We've lived here nine months. While some women piss away nine months making people, I used my time to make something really important—my first paint decision.



Morning Fog—Blue and Gray's Beautiful Love Child

I was so happy to finally have a can of paint in my hand that I sprinted to the checkout before that temptress Martha Stewart could lure me back down the aisle with her siren song of samples. I was halfway home before I realized that I might need some way to actually apply my beautiful new color to the walls. Details. I figured I must have some crusty old brush lying around a closet floor somewhere, maybe a roller that didn't have too many chunky bits.

And then I found this—


♫ Hallelujah! Hallelujah! Hallelujah, hallelujah, hallelujah! ♫

I'd forgotten all about it. My husband's sweet nephew drew my name for the Christmas gift exchange. He knows me well enough to understand what my idea of a perfect present is. He also knows me well enough to anticipate that I'd be too cheap and/or flaky to remember to buy this kind of stuff myself.

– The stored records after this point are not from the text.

Lemma inAplus_inA (v : TA K) : inAplus v -> inA v.
Proof. by move=> hv t /hv []. Qed.

(* The product [*] local to [ops], named so that [opsE] can be stated. *)
Definition star n (a b : tree) : TA K :=
  match a, b with
  | Node [::], _ => basis K b
  | _, Node [::] => basis K a
  | _, _ => let: (p, d, s) := ops K n a b in p + d + s
  end.

Lemma star_leafl n b : star n tleaf b = basis K b.
Proof. by []. Qed.

Lemma star_leafr n a : star n a tleaf = basis K a.
Proof. by case: a => [[|? ?]]. Qed.

Lemma ops_leafl n y0 ys :
  ops K n.+1 tleaf (Node (y0 :: ys)) = (0, 0, basis K (Node (y0 :: ys))).
Proof. by []. Qed.

Lemma ops_leafr n xs a :
  ops K n.+1 (Node (rcons xs a)) tleaf = (basis K (Node (rcons xs a)), 0, 0).
Proof. by case: xs. Qed.

Lemma opsE n xs a y0 ys :
  ops K n.+1 (Node (rcons xs a)) (Node (y0 :: ys)) =
  (lin_ext (fun t => basis K (Node (rcons xs t))) (star n a (Node (y0 :: ys))),
   lin_ext (fun t => basis K (Node (xs ++ t :: ys))) (star n a y0),
   lin_ext (fun t => basis K (Node (t :: ys))) (star n (Node (rcons xs a)) y0)).
Proof. by case: xs => [|x1 xs] //=; rewrite last_rcons belast_rcons. Qed.

Lemma tsize_add_succ x y : exists n, (Defs.tsize x + Defs.tsize y = n.+1)%N.
Proof. by case: x => xs; exists (sumn (map Defs.tsize xs) + Defs.tsize y)%N. Qed.

Lemma tsucc_basis_graft x c :
  tsucc (basis K x) (basis K (Node [:: tleaf; c])) = basis K (Node [:: x; c]).
Proof.
rewrite /tsucc bilin_basis /tsucc_t.
have [n ->] := tsize_add_succ x (Node [:: tleaf; c]).
case: x => xs; case/lastP: xs => [|xs a]; first by rewrite ops_leafl.
by rewrite opsE (star_leafr n (Node (rcons xs a))) lin_ext_basis.
Qed.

Thanks for a great present, Joe. I love my new office. And now that the old lady white is gone, I swear my husband looks ten years younger in there.




Friday, July 1, 2011

A Fourth of July Miracle


I'm not exactly what you would call an especially rational person. I'm more of what you might call a recreational worrier. When things go wrong, only the worst possible ending seems plausible. I find a wet spot on the floor, and I'm SURE the roof not only has a leak and needs to be replaced immediately, but probably is in fact dripping some highly toxic poison into our home which will kill us all by dinner. It could happen. My seven-year-old gets a strange bump on his genitals, I'm convinced it's fatal scrotum cancer. Even after my husband shows me the tick writhing in the tweezers. Ticks can cause fatal scrotum cancer, you know.

I have a word for this kind of thinking. That word is "pragmatic."

My husband has a different word.

So this morning, when we woke to a hot house, dread began swirling in the pit of my stomach. We'd need a new unit for sure, maybe two. Certainly all new duct work. Probably months of expensive labor. We'd have to find somewhere to stay. It was going to be a nightmare. There'd probably be locusts!

But then, something crazy happened. Not two hours after we noticed the house was hot, it was cool again. My responsible husband called our reliable AC guy and he fixed it. Just like that. All it was was this little old part.





A part which cost $41.00.





Then he stayed and tuned our son's guitar.

I'm sure we'll have a disaster for me to worry about soon enough. But it looks like today's not the day.